A bit more info: I'm starting to think that my tax preparer from last year unnecessarily filled out the four versions of Form 1116. On my 2014 Form 1040, for Line 48 (foreign tax credit) he entered nothing. And yet there are those four different versions of Form 1116 attached.

So the only conclusion I can draw is that he inputted my basic income information, which is quite similar to this year's, and for whatever reason (maybe because I have a non-U.S. address) his software a kicked out the four versions of Form 1116. If they were required, then surely there would be an entry by Line 48. But there's not.

I'm hoping someone with a lot more experience with this can confirm whether or not I need to file Form 1116 this year. I don't think so ... but I'd like to feel more confident about that.


----------



## BBCWatcher

Read the instructions again for IRS Form 1040 Line 48 (2015 edition). They say you don't have to use Form 1116 if *all* of the following conditions apply. (They don't all apply in your case.)
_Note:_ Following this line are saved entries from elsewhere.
(* Let $q$ be odd, $q\ne9$, and $V$ an $n$-dimensional space ($n\ge4$) over $\mathbb{F}_q$ with a non-degenerate alternating form $f$, $G=\mathrm{Sp}(V)$ and $\mathcal T$ the set of transvections of $G$. Let $X\subseteq G$ be a generating set of $G$ consisting of $1$ and transvections, which is $\mathbb{F}_q$-closed, such that ${}_VX$ spans $V$, $X_{V^*}$ spans $V^*$, $\Gamma(X)$ is strongly connected, and the directed diameter of $\Gamma(X'')$ is at most $2$ for every $X\setminus\{1\}\subseteq X''\subseteq\mathcal T$. Let $c\ge1$ be an absolute constant such that for every such $V,X$ and all nonzero $a,b\in V$ with $T_a\cup T_b\subseteq X$ and $a+b\ne0$ one has $\ell_X(T_{a+b})\le c$ (such a constant exists). Then $\ell_X(\mathcal T)\le c\,n^{\log_2 c}$. Moreover, $\ell_X(\mathcal T)\le 21n^{4.4}$.
   Context: Transvections $s=1+u\otimes\phi$ ($x\mapsto x+\phi(x)u$, $\phi(u)=0$); $s^\lambda=1+\lambda u\otimes\phi$; $X$ is $\mathbb{F}_q$-closed if $s^\lambda\in X$ for all $s\in X$, $\lambda\in\mathbb{F}_q^\times$. ${}_VX$, $X_{V^*}$: the sets of $u$, resp. $\phi$, occurring in elements of $X$. $\Gamma(Y)$: directed graph on $Y$ with an edge from $1+u\otimes\phi$ to $1+v\otimes\psi$ iff $\psi(u)\ne0$. For $0\ne v\in V$, $\varphi_v(x)=f(v,x)$ and $T_v=\{1+\lambda v\otimes\varphi_v:\lambda\in\mathbb{F}_q\}$. $\ell_X(Y)=\min\{k:Y\subseteq(X\cup X^{-1}\cup\{1\})^k\}$. *)

From Stdlib Require Import Reals.
From HB Require Import structures.
From mathcomp Require Import all_boot all_order all_algebra all_fingroup all_field.
Set Implicit Arguments. Unset Strict Implicit. Unset Printing Implicit Defensive.
Import GRing.Theory.
Local Open Scope ring_scope.

Section Symp.
Variables (F : finFieldType) (n : nat).

(* V = 'rV[F]_n (row vectors); linear maps act on the right: x |-> x *m g.
   The bilinear form is f(x,y) = x J y^T for a matrix J. *)
Definition formv (J : 'M[F]_n) (x y : 'rV[F]_n) : F := (x *m J *m y^T) 0 0.

Definition alt_nondeg (J : 'M[F]_n) : Prop :=
  (forall x : 'rV[F]_n, formv J x x = 0) /\ J \in unitmx.

Definition Sp (J : 'M[F]_n) : {set 'M[F]_n} :=
  [set g : 'M[F]_n | (g \in unitmx) && (g *m J *m g^T == J)].

(* s = 1 + u (x) phi : x |-> x + phi(x) u, with u <> 0, phi <> 0, phi(u) = 0.
   A linear functional phi in V^* is represented by a column vector:
   phi(x) = (x *m phi) 0 0. *)
Definition transv_rep (s : 'M[F]_n) (u : 'rV[F]_n) (phi : 'cV[F]_n) : bool :=
  [&& u != 0, phi != 0, u *m phi == 0 & s == 1%:M + phi *m u].

Definition is_transv (s : 'M[F]_n) : bool :=
  [exists u, exists phi, transv_rep s u phi].

Definition transvs (J : 'M[F]_n) : {set 'M[F]_n} :=
  [set s in Sp J | is_transv s].

Definition Fq_closed (X : {set 'M[F]_n}) : Prop :=
  forall s, s \in X -> forall lam : F, lam != 0 -> 1%:M + lam *: (s - 1%:M) \in X.

Definition VX (X : {set 'M[F]_n}) : {set 'rV[F]_n} :=
  [set u | [exists s in X, exists phi, transv_rep s u phi]].
Definition XVs (X : {set 'M[F]_n}) : {set 'cV[F]_n} :=
  [set phi | [exists s in X, exists u, transv_rep s u phi]].

Definition spans_rV (A : {set 'rV[F]_n}) : Prop :=
  forall v : 'rV[F]_n, exists c : 'rV[F]_n -> F, v = \sum_(u in A) c u *: u.
Definition spans_cV (A : {set 'cV[F]_n}) : Prop :=
  forall v : 'cV[F]_n, exists c : 'cV[F]_n -> F, v = \sum_(u in A) c u *: u.

Definition gedge (s t : 'M[F]_n) : bool :=
  [exists u, exists phi, exists v, exists psi,
     [&& transv_rep s u phi, transv_rep t v psi & u *m psi != 0]].

Definition Gamma (Y : {set 'M[F]_n}) : rel 'M[F]_n :=
  [rel s t | [&& s \in Y, t \in Y & gedge s t]].

Definition strongly_connected (Y : {set 'M[F]_n}) : Prop :=
  forall s t, s \in Y -> t \in Y -> connect (Gamma Y) s t.

Definition diam_le2 (Y : {set 'M[F]_n}) : Prop :=
  forall s t, s \in Y -> t \in Y ->
    [|| s == t, gedge s t | [exists w in Y, gedge s w && gedge w t]].

Fixpoint setpow (S : {set 'M[F]_n}) (k : nat) : {set 'M[F]_n} :=
  match k with
  | 0 => [set 1%:M]
  | k'.+1 => [set a *m b | a in setpow S k', b in S]
  end.

Definition symm1 (X : {set 'M[F]_n}) : {set 'M[F]_n} :=
  X :|: [set invmx x | x in X] :|: [set 1%:M].

(* X generates G (G finite, so the generated group is the union of the
   powers of X cup X^{-1} cup {1}) *)
Definition generates (J : 'M[F]_n) (X : {set 'M[F]_n}) : Prop :=
  X \subset Sp J /\ forall g, g \in Sp J -> exists k, g \in setpow (symm1 X) k.

Definition ell_le (X Y : {set 'M[F]_n}) (r : R) : Prop :=
  exists k : nat, Rle (INR k) r /\ Y \subset setpow (symm1 X) k.

(* T_v = {1 + lambda v (x) phi_v}, phi_v(x) = f(v,x) = x J^T v^T *)
Definition Tv (J : 'M[F]_n) (v : 'rV[F]_n) : {set 'M[F]_n} :=
  [set 1%:M + lam *: ((J^T *m v^T) *m v) | lam : F].

Definition good_setup (J : 'M[F]_n) (X : {set 'M[F]_n}) : Prop :=
  [/\ odd #|F|, #|F| <> 9%N, (4 <= n)%N & alt_nondeg J] /\
  [/\ generates J X, 1%:M \in X, X :\ 1%:M \subset transvs J & Fq_closed X] /\
  [/\ spans_rV (VX X), spans_cV (XVs X), strongly_connected (X :\ 1%:M) &
      forall X'' : {set 'M[F]_n}, X :\ 1%:M \subset X'' -> X'' \subset transvs J ->
        diam_le2 X''].

End Symp.

(* Every transvection lies in some T_u, and since the vectors occurring in X span V,
   u is a sum of at most n linearly independent vectors v with T_v contained in X.
   Adjoining T_v and T_w to X preserves all the standing hypotheses, so if T_v and T_w
   have length at most m over X then T_(v+w) has length at most c m.  Halving the sum
   repeatedly gives l_X(T_u) <= c^j with j = ceil(log2 n), and c^j <= c n^(log2 c).
   For the explicit bound take c = 19: for symplectic g, T_(a g) = g^-1 T_a g, and a path
   of length at most 2 in Gamma yields a product g of at most three elements of T_b and
   T_w with a g = a + b; when the first path found does not suffice, a second one in
   Gamma(X \ 1 u T_(a+b)) and the splitting a + b = 2a + (b - a) (q odd) do.  Finally
   19 n^(log2 19) <= 21 n^4.4. *)

From Stdlib Require Import Reals ZArith Lra Lia.
From mathcomp Require Import all_boot all_order all_algebra all_fingroup all_field.
Set Implicit Arguments. Unset Strict Implicit. Unset Printing Implicit Defensive.
Import GRing.Theory.
Local Open Scope ring_scope.

Section RealBounds.
Local Open Scope R_scope.

Lemma INR_expn (m k : nat) : INR (m ^ k)%N = INR m ^ k.
Proof. by elim: k => //= k IH; rewrite expnS -multE mult_INR IH. Qed.

Lemma ln_le x y : 0 < x -> x <= y -> ln x <= ln y.
Proof. by move=> x0 xy; apply: Rnot_lt_le => /ln_lt_inv; lra. Qed.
You are not required to take a Foreign Tax Credit for your passive category income. Zero is allowed on Line 48. However, it would probably be in your interest to do so. You won't know until you take a trip through that form.


----------



## byline

BBCWatcher said:


> Read the instructions again for IRS Form 1040 Line 48 (2015 edition). They say you don't have to use Form 1116 if *all* of the following conditions apply. (They don't all apply in your case.)
> 
> You are not required to take a Foreign Tax Credit for your passive category income. Zero is allowed on Line 48. However, it would probably be in your interest to do so. You won't know until you take a trip through that form.


Yes, I see now that it says all conditions must apply; not just one or more. And, looking back at all my tax returns going back to 2010, they all included Form 1116 (except for, I just now noticed, 2013).

On last year's tax return, nothing was noted on Line 48. Not even 0. Dunno why. Going back to my 2010, 2011 and 2012 tax returns (prepared by a different tax preparer), he entered NONE on that line.

Thanks for your reply! It helps, though I can't say I'm thrilled at the prospect of filling out more forms ... especially this one, which seems the most byzantine of them all. The two Foreign Tax Credit forms (general and passive) make sense, more or less. But then he also did a second set of Alternative Minimum Tax forms, with different numbers, which I find baffling.


----------



## Stargazer

I tried to do 1116 by hand once and got so frustrated. Turbotax can handle it well and will also tell you if you have any carryover foreign tax credits.


----------



## byline

Stargazer said:


> I tried to do 1116 by hand once and got so frustrated. Turbotax can handle it well and will also tell you if you have any carryover foreign tax credits.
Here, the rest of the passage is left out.